In Vitro E3 Ubiquitin Ligase Activity of PUB1, Trans-Phosphorylation of PUB1 by LYK3, and Coexpression Studies of PUB1 and LYK3 in N. benthamiana.
(A) PUB1 possesses an E3 ubiquitin ligase activity in vitro. GST-PUB1ΔUND was tested for E3 ubiquitin ligase activity in presence or absence of yeast E1, Arabidopsis E2 (UBC8), and ubiquitin. Anti-Ub and anti-GST antibodies were used to detect ubiquitinated proteins and GST-PUB1ΔUND, respectively. A range of proteins conjugated with ubiquitin (Ub-conj) were formed when GST-PUB1ΔUND was added in the mix and not with GST-PUB1ΔUND-W326A, an inactive U-box variant.
(B) LYK3 in vitro ubiquitination assay. GST-LYK3-IR-6HIS with E1, E2, and ubiquitin was incubated in the presence or absence of MBP-PUB1ΔUND. Immunoblot analyses were performed with indicated antibodies.

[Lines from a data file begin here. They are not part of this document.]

(* Fix $p\in(0,1/2]$, an integer $k\ge 1$, and $\epsilon>0$. There exist $c=c(p,k,\epsilon)>0$ and $n_0=n_0(p,k,\epsilon)$ such that the following holds. Let $n\ge n_0$, let $M$ be an $(n-k)\times n$ random matrix with independent $\operatorname{Ber}(p)$ entries, and let $V$ be a (deterministic) $n\times k$ real matrix with orthonormal columns. Then \[\mathbb{P}\big[\|MV\|_{\operatorname{HS}}\le c\sqrt{n}\big]\le (1-p+\epsilon)^{kn}.\]
   Context: $\operatorname{Ber}(p)$ takes value $1$ with probability $p$ and $0$ with probability $1-p$. For a matrix $A=(A_{ij})$, $\|A\|_{\operatorname{HS}}^2=\sum_{i,j}A_{ij}^2$ (Hilbert–Schmidt norm). *)

From HB Require Import structures.
From mathcomp Require Import all_boot all_order all_algebra.
From mathcomp Require Import reals.
Set Implicit Arguments. Unset Strict Implicit. Unset Printing Implicit Defensive.
Import Order.TTheory GRing.Theory Num.Theory.
Local Open Scope ring_scope.

Definition ber_weight (R : realType) (p : R) (m n : nat) (M : 'M[bool]_(m, n)) : R :=
  \prod_(i < m) \prod_(j < n) (if M i j then p else 1 - p).

Definition ber_prob (R : realType) (p : R) (m n : nat) (E : pred 'M[bool]_(m, n)) : R :=
  \sum_(M : 'M[bool]_(m, n) | E M) ber_weight p M.

Definition real_of_bmx (R : realType) (m n : nat) (M : 'M[bool]_(m, n)) : 'M[R]_(m, n) :=
  map_mx (fun b : bool => (b : nat)%:R) M.

Definition hs_norm (R : realType) (m n : nat) (A : 'M[R]_(m, n)) : R :=
  Num.sqrt (\sum_(i < m) \sum_(j < n) A i j ^+ 2).

From HB Require Import structures.
From mathcomp Require Import all_boot all_order all_algebra.
From mathcomp Require Import reals.
From mathcomp Require Import boolp topology normedtype sequences derive trigo.
From mathcomp Require Import complex.
From mathcomp Require Import ring lra zify.
Import numFieldNormedType.Exports.
Import Order.TTheory GRing.Theory Num.Theory.
Local Open Scope ring_scope.

Set Implicit Arguments. Unset Strict Implicit. Unset Printing Implicit Defensive.

(* The rows of M are independent Ber(p) vectors x, and |x V|^2 = x P x^T for the
   orthogonal projection P = V V^T of rank k.  The heart of the matter is a single row:
   P[x P x^T <= d^2] <= (1 - p)^k for some d > 0 depending only on p and k.  If some
   diagonal entry P_ll exceeds 4 d^2, flipping x_l moves <x, row l P> by P_ll, so x and
   its flip cannot both be short in that direction; splitting the direction off costs a
   factor 1 - p and lowers the rank by one.  Otherwise x P x^T dominates <x, v>^2 for a
   unit vector v with coordinates O(d), and an Esseen-type bound on the characteristic
   function of <x, v> makes P[|<x, v>| <= d] as small as we please once d is small.
   Finally, if |M V|_HS <= c sqrt n, all but (n - k) / L rows satisfy x P x^T <= d^2,
   and a product (Chernoff-type) bound over the independent rows turns the per-row
   bound (1 - p)^k < (1 - p + eps)^k into the claim. *)

Section BernoulliVector.
Variables (R : realType) (p : R).
Hypotheses (p_ge0 : 0 <= p) (p_le1 : p <= 1).

Definition berw (b : bool) : R := if b then p else 1 - p.

Definition ber_vweight n (x : {ffun 'I_n -> bool}) : R := \prod_i berw (x i).

Definition ber_expect n (F : {ffun 'I_n -> bool} -> R) : R :=
  \sum_x ber_vweight x * F x.

Definition ber_vprob n (A : pred {ffun 'I_n -> bool}) : R :=
  ber_expect (fun x => (A x)%:R).

Lemma berw_ge0 b : 0 <= berw b.
Proof. by have := p_ge0; have := p_le1; rewrite /berw; case: b => /=; lra. Qed.

Lemma ber_vweight_ge0 n (x : {ffun 'I_n -> bool}) : 0 <= ber_vweight x.
Proof. by apply: prodr_ge0 => i _; apply: berw_ge0. Qed.

Lemma ber_expect_prod n (F : 'I_n -> bool -> R) :
  ber_expect (fun x => \prod_i F i (x i)) = \prod_i \sum_(b : bool) berw b * F i b.
Proof.
by rewrite bigA_distr_bigA; apply: eq_bigr => x _; rewrite -big_split.
Qed.

Lemma ber_vweight_sum n : \sum_(x : {ffun 'I_n -> bool}) ber_vweight x = 1.
Proof.
have := ber_expect_prod (fun (_ : 'I_n) (_ : bool) => 1).
rewrite /ber_expect (eq_bigr (fun x => ber_vweight x)) => [->|x _]; last by rewrite big1 ?mulr1.
by apply: big1 => i _; rewrite big_bool /= !mulr1; lra.
Qed.

Lemma ber_expect_cst n (c : R) : ber_expect (fun _ : {ffun 'I_n -> bool} => c) = c.
Proof. by rewrite /ber_expect -mulr_suml ber_vweight_sum mul1r. Qed.

Lemma ler_ber_expect n (F G : {ffun 'I_n -> bool} -> R) :
  (forall x, F x <= G x) -> ber_expect F <= ber_expect G.
Proof. by move=> FG; apply: ler_sum => x _; rewrite ler_wpM2l ?ber_vweight_ge0. Qed.

Lemma ber_expectD n (F G : {ffun 'I_n -> bool} -> R) :
  ber_expect (fun x => F x + G x) = ber_expect F + ber_expect G.
Proof. by rewrite -big_split; apply: eq_bigr => x _; rewrite mulrDr. Qed.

(C) PUB1 does not affect LYK3 abundance in N. benthamiana. 3HA-PUB1 or the inactive 3HA-PUB1W326A mutated protein was coexpressed with LYK3-3FLAG. Protein combinations were expressed in different halves of the same N. benthamiana leaf to avoid leaf expression effects. Total extracts from 1-cm diameter leaf discs were analyzed by immunobloting with the corresponding antibodies. Nontransformed leaves were used as the immunoblotting control (C-). Ponceau red staining shows that equal amount of protein were loaded on the gel.
(D) LYK3 does not affect PUB1 abundance in N. benthamiana. 3HA-PUB1 was expressed with or without LYK3-3FLAG. Experiments were performed as in (C).
(E) PUB1 is phosphorylated by LYK3 in vitro. The auto- and trans-phosphorylation activities of GST-LYK3 (intracellular region) were assayed alone or by addition of MBP, MBP-PUB1, or MBP-PUB1ΔUND. On the left panel, protein staining shows the size and quantity of the purified proteins. On the right panel, phosphor imaging reveals LYK3 kinase-dependent phosphorylation. The ~70-kD recombinant LYK3 kinase (<) as detected by immunoblot using anti-GST antibodies (see Supplemental Figure 3 online) shows autophosphorylation. Trans-phosphorylated forms of MBP-PUB1 and MBP-PUB1ΔUND are visible at the expected size of 117 and 87 kD, respectively (*). No radiolabeling of MBP is observed.